Second, No Maps for These Territories contains so many errors that it becomes very difficult to trust the writing. Instead, one cannot help but suspect that perhaps the fragmentation is actually the result of error, and the sense that it might be by design comes to seem like an alibi. The volume teems with mistakes, from missing punctuation, to incompletely revised sentences, to variations in the spelling of a name or a term often on a single page (150, 202), to inconsistent page references and inaccurate quotations, to faulty syntax, to sudden changes of verb tense, to inconsistent capitalization (that, for example, contribute to the confusion between sprawl and the Sprawl), to incompletely revised and incoherent sentences, to simple typos, and more.
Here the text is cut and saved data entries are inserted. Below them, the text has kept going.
Lemma normr_sum_le_opposite F i0 :
  \sum_i F i != 0 -> (\sum_i F i) * F i0 <= 0 ->
  `|\sum_i F i| <= \sum_i `|F i| - 2 * `|F i0|.
Proof.
move=> sum_neq0 opposite; set s := Num.sg (\sum_i F i).
have sF_le i : s * F i <= `|F i|.
  by rewrite (le_trans (ler_norm _)) // normrM normr_sg sum_neq0 mul1r.
have sFi0 : s * F i0 = - `|F i0|.
  have sFi0_le0 : s * F i0 <= 0.
    have S_gt0 : 0 < `|\sum_i F i| by rewrite normr_gt0.
    by rewrite -(pmulr_rle0 _ S_gt0) mulrA [`|_| * _]mulrC -numEsg.
  by rewrite -[LHS]opprK -(ler0_norm sFi0_le0) normrM normr_sg sum_neq0 mul1r.
rewrite normrEsg -/s mulr_sumr (bigD1 i0) //= [X in _ <= X - _](bigD1 i0) //= sFi0.
have : \sum_(i | i != i0) s * F i <= \sum_(i | i != i0) `|F i|.
  by apply: ler_sum => i _; apply: sF_le.
lra.
Qed.

Definition wavg w v := (\sum_k w k * v k) / \sum_k w k.

Lemma wavg_bounds w v a b : (forall k, 0 <= w k) -> 0 < \sum_k w k ->
  (forall k, a <= v k <= b) -> a <= wavg w v <= b.
Proof.
move=> w_ge0 sum_gt0 v_ab; rewrite ler_pdivlMr // ler_pdivrMr // !mulr_sumr.
apply/andP; split; apply: ler_sum => k _; have /andP[vka vkb] := v_ab k.
- by rewrite mulrC ler_wpM2l.
- by rewrite [b * _]mulrC ler_wpM2l.
Qed.

Lemma wavg_cst w v a : 0 < \sum_k w k -> (forall k, v k = a) -> wavg w v = a.
Proof.
move=> sum_gt0 vE; rewrite /wavg (eq_bigr (fun k => a * w k)) => [|k _]; last first.
  by rewrite vE mulrC.
by rewrite -mulr_sumr mulfK ?lt0r_neq0.
Qed.

Lemma wavg_subr w v a : 0 < \sum_k w k ->
  wavg w v - a = wavg w (fun k => v k - a).
Proof.
move=> sum_gt0; rewrite /wavg.
have -> : \sum_k w k * (v k - a) = \sum_k w k * v k - a * \sum_k w k.
  by rewrite mulr_sumr -sumrB; apply: eq_bigr => k _; ring.
by field; apply: lt0r_neq0.
Qed.

Lemma wavg_rsub w v b : 0 < \sum_k w k ->
  b - wavg w v = wavg w (fun k => b - v k).
Proof.
move=> sum_gt0; rewrite /wavg.
have -> : \sum_k w k * (b - v k) = b * \sum_k w k - \sum_k w k * v k.
  by rewrite mulr_sumr -sumrB; apply: eq_bigr => k _; ring.
by field; apply: lt0r_neq0.
Qed.

Lemma wavg_ge_term w v k0 rho : (forall k, 0 <= w k) -> (forall k, 0 <= v k) ->
  0 < \sum_k w k -> 0 <= rho -> rho * \sum_k w k <= w k0 ->
  rho * v k0 <= wavg w v.
Proof.
move=> w_ge0 v_ge0 sum_gt0 rho_ge0 wk0_ge; rewrite ler_pdivlMr //.
have := ler_wpM2r (v_ge0 k0) wk0_ge.
have := @ler_sum_term (fun k => w k * v k) k0 (fun k => mulr_ge0 (w_ge0 k) (v_ge0 k)).
lra.
Qed.

End WeightedAverage.

Lemma invmx_diag (F : fieldType) n (d : 'rV[F]_n) : (forall i, d 0 i != 0) ->
  invmx (diag_mx d) = diag_mx (\row_i (d 0 i)^-1).
Proof.
move=> d_neq0.
have dV : diag_mx (\row_i (d 0 i)^-1) *m diag_mx d = 1%:M.
  rewrite mulmx_diag -diag_const_mx; congr diag_mx; apply/matrixP=> i j.
  by rewrite !mxE mulVf.
have [_ d_unit] := mulmx1_unit dV.
by rewrite -[RHS]mulmx1 -(mulmxV d_unit) mulmxA dV mul1mx.
Qed.

Lemma rank1_outer (F : fieldType) m n (A : 'M[F]_(m, n)) : \rank A = 1%N ->
  exists (u : 'I_m -> F) (v : 'I_n -> F), forall i j, A i j = u i * v j.
Proof.
move=> rkA; have k0 : 'I_(\rank A) by rewrite rkA; exact: ord0.
have k_eq0 (k : 'I_(\rank A)) : val k = 0%N.
  by apply/eqP; rewrite -leqn0 -ltnS -rkA ltn_ord.
exists (fun i => col_base A i k0), (fun j => row_base A k0 j) => i j.
rewrite -{1}(mulmx_base A) mxE (bigD1 k0) //= big1 ?addr0 // => k /negP[].
by apply/eqP/val_inj; rewrite !k_eq0.
Qed.

Lemma tagnat_sig2_ord1 n (x : 'I_(\sum_(i < 1) (fun _ : 'I_1 => n) i)) :
  nat_of_ord (tagnat.sig2 x) = nat_of_ord x.
Proof.
have := congr1 (@nat_of_ord _) (tagnat.sig2K x).
rewrite /tagnat.Rank tagnat.rankEsum /= big1 ?add0n // => i.
by rewrite [tagnat.sig1 x]ord1.
Qed.

Lemma limn_einf_gt0P (R : realType) (u : nat -> \bar R) :
  (0 < limn_einf u)%E <->
  exists2 d : R, 0 < d & exists N, forall t, (N <= t)%N -> (d%:E <= u t)%E.
Proof.
have -> : limn_einf u = ereal_sup (range (einfs u)).
  by rewrite limn_einf_lim; apply/cvg_lim => //; apply: cvg_einfs_sup.
split.
  move=> /ereal_sup_gt [_ [N _ <-] infN_gt0].
  have infN_le t : (N <= t)%N -> (einfs u N <= u t)%E.
    by move=> le_Nt; apply: ereal_inf_lbound; exists t.
  move: infN_gt0 infN_le; case: (einfs u N) => [r| |] infN_gt0 infN_le.
  - by exists r; [rewrite lte_fin in infN_gt0 | exists N].
  - by exists 1 => //; exists N => t /infN_le; apply: le_trans; apply: leey.
  - by move: infN_gt0; rewrite ltNge leNye.
case=> d d_gt0 [N uN_ge]; apply: (@lt_le_trans _ _ d%:E); first by rewrite lte_fin.
apply: (@le_trans _ _ (einfs u N)); last by apply: ereal_sup_ubound; exists N.
by apply: le_ereal_inf_tmp => _ [t /= le_Nt <-]; apply: uN_ge.
Qed.

Lemma no_uniform_descent (R : archiRealFieldType) (u : nat -> R) d eta T : 0 < eta ->
  (forall t, (T <= t)%N -> d <= u t) ->
  (forall t, (T <= t)%N -> u t.+2 <= u t - eta) -> False.
Proof.
move=> eta_gt0 u_ge u_desc.
have u_le k : u (T + k.*2)%N <= u T - k%:R * eta.
  elim: k => [|k IHk]; first by rewrite addn0 mul0r subr0.
  rewrite doubleS !addnS; apply: le_trans (u_desc _ (leq_addr _ _)) _.
  rewrite -addn1 natrD mulrDl mul1r; lra.
pose k := (Num.truncn ((u T - d) / eta)).+1.
have : u T - d < k%:R * eta by rewrite -ltr_pdivrMr // truncnS_gt.
have := u_le k; have := u_ge _ (leq_addr k.*2 T); lra.
Qed.

Section HbM.
Variables (R : realType) (n : nat).
Implicit Types (X Y Z : 'M[R]_n) (c : 'I_n -> R) (a b d A eta rho : R).

Definition signature c := forall i, c i = 1 \/ c i = -1.

Definition gauge c X i j := c i * c j * X i j.

Definition gauge_positive X :=
  exists2 c, signature c & forall i j, 0 < gauge c X i j.

Definition gauge_bounded c X a b := forall j k, a <= gauge c X j k <= b.

Definition sign_outer_mx (A : R) c : 'M[R]_n := \matrix_(i, j) (A * c i * c j).

Lemma signature_mulss c : signature c -> forall i, c i * c i = 1.
Proof. by move=> c_sig i; case: (c_sig i) => ->; rewrite ?mulrNN mulr1. Qed.

Lemma signature_norm c : signature c -> forall i, `|c i| = 1.
Proof. by move=> c_sig i; case: (c_sig i) => ->; rewrite ?normrN normr1. Qed.

Lemma signature_sgr c : signature c -> forall i, Num.sg (c i) = c i.
Proof. by move=> c_sig i; case: (c_sig i) => ->; rewrite ?sgrN sgr1. Qed.

Lemma sgr_signature (F : 'I_n -> R) : (forall k, F k != 0) ->
  signature (fun k => Num.sg (F k)).
Proof.
move=> F_neq0 k; case: (sgrP (F k)) => [Fk0|_|_]; [|by left|by right].
by move: (F_neq0 k); rewrite Fk0 eqxx.
Qed.

Lemma gaugeK c X i j : signature c -> c i * c j * gauge c X i j = X i j.
Proof.
move=> c_sig; rewrite /gauge.
transitivity (c i * c i * (c j * c j) * X i j); first by ring.
by rewrite !(signature_mulss c_sig) !mul1r.
Qed.

Lemma norm_gauge c X i j : signature c -> `|gauge c X i j| = `|X i j|.
Proof. by move=> c_sig; rewrite /gauge !normrM !(signature_norm c_sig) !mul1r. Qed.

Lemma dist_gauge c X Y i j : signature c ->
  `|gauge c X i j - gauge c Y i j| = `|X i j - Y i j|.
Proof.
move=> c_sig; have -> : gauge c X i j - gauge c Y i j = gauge c (X - Y) i j.
  by rewrite /gauge !mxE; ring.
by rewrite norm_gauge // !mxE.
Qed.

Lemma gauge_sign_outer_mx A c : signature c ->
  forall i j, gauge c (sign_outer_mx A c) i j = A.
Proof.
move=> c_sig i j; rewrite /gauge mxE.
transitivity (A * (c i * c i) * (c j * c j)); first by ring.
by rewrite !(signature_mulss c_sig) !mulr1.
Qed.

Lemma f_HbME X i j : (forall i, 0 < \sum_k `|X i k|) ->
  f_HbM X i j = (\sum_k X i k * X j k) / \sum_k `|X i k|.
Proof.
move=> rows_gt0; rewrite /f_HbM invmx_diag; last first.
  by move=> k; rewrite /hbm_abs_row_sums mxE; apply: lt0r_neq0.
rewrite mul_diag_mx /hbm_abs_row_sums !mxE mulrC; congr (_ / _).
by apply: eq_bigr => k _; rewrite mxE.
Qed.

Lemma gauge_f_HbM c X i j : signature c -> (forall j k, 0 < gauge c X j k) ->
  gauge c (f_HbM X) i j = wavg (gauge c X i) (gauge c X j).
Proof.
move=> c_sig gauge_gt0.
have abs_gauge k l : `|X k l| = gauge c X k l.
  by rewrite -(norm_gauge X k l c_sig) gtr0_norm.
have rows_gt0 k : 0 < \sum_l `|X k l|.
  by apply: (sum_gt0_term (i := k)) => [l|]; rewrite abs_gauge // ltW.
rewrite {1}/gauge f_HbME // /wavg mulrA.
have -> : \sum_k `|X i k| = \sum_k gauge c X i k by apply: eq_bigr => k _.
congr (_ / _); rewrite mulr_sumr; apply: eq_bigr => k _; rewrite /gauge.
transitivity (c i * c j * (X i k * X j k) * (c k * c k)); last by ring.
by rewrite (signature_mulss c_sig) mulr1.
Qed.

Lemma gauge_bounded_f_HbM c X a b : signature c -> 0 < a ->
  gauge_bounded c X a b -> gauge_bounded c (f_HbM X) a b.
Proof.
move=> c_sig a_gt0 Xab.
have gauge_gt0 j k : 0 < gauge c X j k.
  by case/andP: (Xab j k) => /(lt_le_trans a_gt0).
have gauge_ge0 j k : 0 <= gauge c X j k by apply: ltW.
move=> i j; rewrite gauge_f_HbM //; apply: wavg_bounds => //.
exact: (sum_gt0_term (i := i)).
Qed.

Lemma hbm_trajS X0 t : hbm_traj X0 t.+1 = f_HbM (hbm_traj X0 t).
Proof. by rewrite /hbm_traj iterS. Qed.

Lemma gauge_bounded_traj c X0 a b s : signature c -> 0 < a ->
  gauge_bounded c (hbm_traj X0 s) a b ->
  forall t, (s <= t)%N -> gauge_bounded c (hbm_traj X0 t) a b.
Proof.
move=> c_sig a_gt0 Xsab t /subnKC <-; elim: (t - s)%N => [|k IHk].
  by rewrite addn0.
by rewrite addnS hbm_trajS; apply: gauge_bounded_f_HbM.
Qed.

Lemma gauge_bounded_gt0 c X : (forall i j, 0 < gauge c X i j) ->
  exists a b, 0 < a /\ gauge_bounded c X a b.
Proof.
move=> gauge_gt0.
exists (\big[Num.min/1]_jk gauge c X jk.1 jk.2).
exists (\big[Num.max/0]_jk gauge c X jk.1 jk.2).
split; first by apply/bigmin_gtP; split=> // jk _; apply: gauge_gt0.
by move=> j k; rewrite (bigmin_le _ (j, k)) (le_bigmax _ _ (j, k)).
Qed.

Lemma gauge_positive_traj X0 s : gauge_positive (hbm_traj X0 s) ->
  forall t, (s <= t)%N -> gauge_positive (hbm_traj X0 t).
Proof.
case=> c c_sig /gauge_bounded_gt0 [a [b [a_gt0 Xab]]] t le_st; exists c => // i j.
by case/andP: (gauge_bounded_traj c_sig a_gt0 Xab le_st i j) => /(lt_le_trans a_gt0).
Qed.

Lemma gauge_positive_social_balance X : gauge_positive X -> social_balance X.
Proof.
case=> c c_sig gauge_gt0.
have sgX i j : Num.sg (X i j) = c i * c j.
  rewrite -(gaugeK X i j c_sig) sgrM (gtr0_sg (gauge_gt0 i j)) mulr1 sgrM.
  by rewrite !(signature_sgr c_sig).
split=> [i|i j k].
  by have := gauge_gt0 i i; rewrite /gauge (signature_mulss c_sig) mul1r.
rewrite !sgX; transitivity (c i * c i * (c j * c j) * (c k * c k)); first by ring.
by rewrite !(signature_mulss c_sig) !mulr1.
Qed.

(* Triangles through a fixed vertex i0 show that c := sg (X i0 .) is a gauge
   making X positive. *)
Lemma social_balance_gauge_positive X : (0 < n)%N ->
  social_balance X -> gauge_positive X.
Proof.
move=> n_gt0 [diag_gt0 triangle]; pose i0 := Ordinal n_gt0.
have back j : Num.sg (X i0 j) * Num.sg (X j i0) = 1.
  by have := triangle i0 j i0; rewrite (gtr0_sg (diag_gt0 i0)) mulr1.
have row_neq0 j : X i0 j != 0.
  apply/eqP=> Xj0; move: (back j).
  by rewrite Xj0 sgr0 mul0r => /esym/eqP; rewrite oner_eq0.
have c_sig := sgr_signature row_neq0.
exists (fun j => Num.sg (X i0 j)) => // i j.
rewrite /gauge -sgr_gt0 !sgrM !sgr_id -[X in 0 < X]mulr1 -(back j).
have -> : Num.sg (X i0 i) * Num.sg (X i0 j) * Num.sg (X i j) *
    (Num.sg (X i0 j) * Num.sg (X j i0)) =
  Num.sg (X i0 i) * Num.sg (X i j) * Num.sg (X j i0) *
    (Num.sg (X i0 j) * Num.sg (X i0 j)) by ring.
by rewrite triangle (signature_mulss c_sig) mulr1 ltr01.
Qed.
It requires significant faith to believe that a study this unreliable at the level of simple writing is reliable conceptually.
In the end, it is unfortunate that while this study amasses such a prodigious arsenal of research, it does not go as far as it could beyond that first act of collection.
This work would benefit greatly from a reorganization and correction of its contents, a thorough exploration of the implications of its observations, and a clarification and thorough consideration of its methodology. Given that I spent much of my time completing or inferring ideas, analyses, and logical connections between sections and chapters, I can only say that, in its current form, No Maps for These Territories either demands much of readers for uncertain returns beyond, perhaps, what those readers themselves might bring; or it demands nothing of them beyond a bearing witness to its play.